● **Activity**:
For each line in the data below, write an exact copy.

____________________

(* Under the standing assumptions below, let $k\in P$ and let $x\in D_k$ be decomposable. Then $x$ can be written in terms of indecomposable elements: there exist finitely many $\ell_1,\dots,\ell_n\in P$ with $\ell_i<k$ and indecomposable elements $x_i\in M_{\ell_i}$ (i.e. $x_i\in M_{\ell_i}\setminus D_{\ell_i}$) such that $x=\sum_{i=1}^n t^{\,k-\ell_i}x_i$.
   Context: Standing assumptions: $R$ is a principal ideal domain; $P$ is a lattice with a compatible abelian group structure ($(P,+,0)$ abelian group, $a\le b\Rightarrow a+c\le b+c$). $U_0=\{s\in P:s\ge 0\}$, $R[U_0]$ the monoid ring (finite sums $\sum c_st^s$, $c_s\in R$), graded by $\deg(ct^s)=s$. $M=\bigoplus_{a\in P}M_a$ is a $P$-graded $R[U_0]$-module (persistence module) that is graded projective, with each $M_a$ a finitely generated $R$-module. For $r\in P$, $D_r=\sum_{q<r}t^{\,r-q}M_q\subseteq M_r$ (sum of the images of structure maps from degrees $q<r$). An element $x\in M_r$ is decomposable if $x\in D_r$ and indecomposable if $x\in M_r\setminus D_r$. *)

From HB Require Import structures.
From mathcomp Require Import all_boot all_order all_algebra.
Set Implicit Arguments. Unset Strict Implicit. Unset Printing Implicit Defensive.
Import GRing.Theory.
Local Open Scope ring_scope.

Definition is_ideal (R : idomainType) (I : R -> Prop) : Prop :=
  [/\ I 0, (forall x y, I x -> I y -> I (x + y)) & (forall r x, I x -> I (r * x))].
Lemma decr_atK i t : (0 < t i)%N -> incr_at i (decr_at i t) = t.
Proof.
move=> t_gt0; apply/ffunP => j; case: (eqVneq j i) => [->|ne_ji]; last first.
  by rewrite incr_at_neq // decr_at_neq.
apply: val_inj; rewrite /= incr_at_eq decr_at_eq ?prednK //.
have := ltn_ord (t i); lia.
Qed.

Lemma nparts_decr_at i t : (0 < t i)%N -> nparts t = (nparts (decr_at i t)).+1.
Proof.
move=> t_gt0; rewrite /nparts (bigD1 i) //= [in RHS](bigD1 i) //= decr_at_eq.
rewrite -addSn prednK //; congr (_ + _)%N.
by apply: eq_bigr => j /decr_at_neq ->.
Qed.

Lemma prod_fact_decr_at i t : (0 < t i)%N ->
  (\prod_(j < n) (t j)`! = t i * \prod_(j < n) (decr_at i t j)`!)%N.
Proof.
move=> t_gt0; rewrite (bigD1 i) //= [in RHS](bigD1 i) //= decr_at_eq mulnA.
rewrite -{1}(prednK t_gt0) factS prednK //; congr (_ * _)%N.
by apply: eq_bigr => j /decr_at_neq ->.
Qed.

Lemma monom_decr_at i t : (0 < t i)%N -> monom t = x i.+1 * monom (decr_at i t).
Proof.
move=> t_gt0; rewrite /monom (bigD1 i) //= [in RHS](bigD1 i) //= decr_at_eq.
rewrite mulrA -exprS prednK //; congr (_ * _).
by apply: eq_bigr => j /decr_at_neq ->.
Qed.

Lemma weight_incr_at i t : (t i < n)%N -> weight (incr_at i t) = (weight t + i.+1)%N.
Proof.
move=> lt_tn; rewrite /weight (bigD1 i) //= [in RHS](bigD1 i) //= incr_at_eq //.
rewrite (eq_bigr (fun j : 'I_n => j.+1 * t j)%N) => [|j /incr_at_neq -> //]; lia.
Qed.

Lemma weight_ge i t : (i.+1 * t i <= weight t)%N.
Proof. by rewrite /weight (bigD1 i) //= leq_addr. Qed.

Lemma nparts_gt0 t : (0 < weight t)%N -> (0 < nparts t)%N.
Proof.
rewrite !lt0n; apply: contra; rewrite !sum_nat_eq0 => /forall_inP t0.
by apply/forall_inP => i _; rewrite (eqP (t0 i isT)) muln0.
Qed.

Lemma multinom_pascal t : (0 < nparts t)%N ->
  multinom t = \sum_(i < n | (0 < t i)%N) multinom (decr_at i t).
Proof.
move=> nparts_gt0.
have fact_prod_neq0 (s : mult) : ((\prod_(j < n) (s j)`!)%:R : R) != 0.
  by rewrite pnatr_eq0 -lt0n prodn_gt0 // => j; rewrite fact_gt0.
have multinom_decr i : (0 < t i)%N ->
    multinom (decr_at i t) = (nparts t).-1`!%:R / (\prod_(j < n) (t j)`!)%:R * (t i)%:R.
  move=> t_gt0; rewrite /multinom (prod_fact_decr_at t_gt0) (nparts_decr_at t_gt0) /= natrM.
  by field; rewrite fact_prod_neq0 pnatr_eq0 -lt0n t_gt0.
have nparts_supp : nparts t = (\sum_(i < n | (0 < t i)%N) t i)%N.
  rewrite /nparts (bigID (fun i => 0 < t i)%N) /= [X in (_ + X)%N]big1 ?addn0 //.
  by move=> i; rewrite lt0n negbK => /eqP.
rewrite (eq_bigr _ multinom_decr) -big_distrr /= -natr_sum -nparts_supp.
rewrite /multinom mulrAC -natrM mulnC.
by case: (nparts t) nparts_gt0 => // k _; rewrite factS.
Qed.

____________________

● **Response to the task**:
(* Under the standing assumptions below, let $k\in P$ and let $x\in D_k$ be decomposable. Then $x$ can be written in terms of indecomposable elements: there exist finitely many $\ell_1,\dots,\ell_n\in P$ with $\ell_i<k$ and indecomposable elements $x_i\in M_{\ell_i}$ (i.e. $x_i\in M_{\ell_i}\setminus D_{\ell_i}$) such that $x=\sum_{i=1}^n t^{\,k-\ell_i}x_i$.
   Context: Standing assumptions: $R$ is a principal ideal domain; $P$ is a lattice with a compatible abelian group structure ($(P,+,0)$ abelian group, $a\le b\Rightarrow a+c\le b+c$). $U_0=\{s\in P:s\ge 0\}$, $R[U_0]$ the monoid ring (finite sums $\sum c_st^s$, $c_s\in R$), graded by $\deg(ct^s)=s$. $M=\bigoplus_{a\in P}M_a$ is a $P$-graded $R[U_0]$-module (persistence module) that is graded projective, with each $M_a$ a finitely generated $R$-module. For $r\in P$, $D_r=\sum_{q<r}t^{\,r-q}M_q\subseteq M_r$ (sum of the images of structure maps from degrees $q<r$). An element $x\in M_r$ is decomposable if $x\in D_r$ and indecomposable if $x\in M_r\setminus D_r$. *)

From HB Require Import structures.
From mathcomp Require Import all_boot all_order all_algebra.
Set Implicit Arguments. Unset Strict Implicit. Unset Printing Implicit Defensive.
Import GRing.Theory.
Local Open Scope ring_scope.

Definition is_ideal (R : idomainType) (I : R -> Prop) : Prop :=
  [/\ I 0, (forall x y, I x -> I y -> I (x + y)) & (forall r x, I x -> I (r * x))].
Lemma decr_atK i t : (0 < t i)%N -> incr_at i (decr_at i t) = t.
Proof.
move=> t_gt0; apply/ffunP => j; case: (eqVneq j i) => [->|ne_ji]; last first.
  by rewrite incr_at_neq // decr_at_neq.
apply: val_inj; rewrite /= incr_at_eq decr_at_eq ?prednK //.
have := ltn_ord (t i); lia.
Qed.

Lemma nparts_decr_at i t : (0 < t i)%N -> nparts t = (nparts (decr_at i t)).+1.
Proof.
move=> t_gt0; rewrite /nparts (bigD1 i) //= [in RHS](bigD1 i) //= decr_at_eq.
rewrite -addSn prednK //; congr (_ + _)%N.
by apply: eq_bigr => j /decr_at_neq ->.
Qed.

Lemma prod_fact_decr_at i t : (0 < t i)%N ->
  (\prod_(j < n) (t j)`! = t i * \prod_(j < n) (decr_at i t j)`!)%N.
Proof.
move=> t_gt0; rewrite (bigD1 i) //= [in RHS](bigD1 i) //= decr_at_eq mulnA.
rewrite -{1}(prednK t_gt0) factS prednK //; congr (_ * _)%N.
by apply: eq_bigr => j /decr_at_neq ->.
Qed.

Lemma monom_decr_at i t : (0 < t i)%N -> monom t = x i.+1 * monom (decr_at i t).
Proof.
move=> t_gt0; rewrite /monom (bigD1 i) //= [in RHS](bigD1 i) //= decr_at_eq.
rewrite mulrA -exprS prednK //; congr (_ * _).
by apply: eq_bigr => j /decr_at_neq ->.
Qed.

Lemma weight_incr_at i t : (t i < n)%N -> weight (incr_at i t) = (weight t + i.+1)%N.
Proof.
move=> lt_tn; rewrite /weight (bigD1 i) //= [in RHS](bigD1 i) //= incr_at_eq //.
rewrite (eq_bigr (fun j : 'I_n => j.+1 * t j)%N) => [|j /incr_at_neq -> //]; lia.
Qed.

Lemma weight_ge i t : (i.+1 * t i <= weight t)%N.
Proof. by rewrite /weight (bigD1 i) //= leq_addr. Qed.

Lemma nparts_gt0 t : (0 < weight t)%N -> (0 < nparts t)%N.
Proof.
rewrite !lt0n; apply: contra; rewrite !sum_nat_eq0 => /forall_inP t0.
by apply/forall_inP => i _; rewrite (eqP (t0 i isT)) muln0.
Qed.

Lemma multinom_pascal t : (0 < nparts t)%N ->
  multinom t = \sum_(i < n | (0 < t i)%N) multinom (decr_at i t).
Proof.
move=> nparts_gt0.
have fact_prod_neq0 (s : mult) : ((\prod_(j < n) (s j)`!)%:R : R) != 0.
  by rewrite pnatr_eq0 -lt0n prodn_gt0 // => j; rewrite fact_gt0.
have multinom_decr i : (0 < t i)%N ->
    multinom (decr_at i t) = (nparts t).-1`!%:R / (\prod_(j < n) (t j)`!)%:R * (t i)%:R.
  move=> t_gt0; rewrite /multinom (prod_fact_decr_at t_gt0) (nparts_decr_at t_gt0) /= natrM.
  by field; rewrite fact_prod_neq0 pnatr_eq0 -lt0n t_gt0.
have nparts_supp : nparts t = (\sum_(i < n | (0 < t i)%N) t i)%N.
  rewrite /nparts (bigID (fun i => 0 < t i)%N) /= [X in (_ + X)%N]big1 ?addn0 //.
  by move=> i; rewrite lt0n negbK => /eqP.
rewrite (eq_bigr _ multinom_decr) -big_distrr /= -natr_sum -nparts_supp.
rewrite /multinom mulrAC -natrM mulnC.
by case: (nparts t) nparts_gt0 => // k _; rewrite factS.
Qed.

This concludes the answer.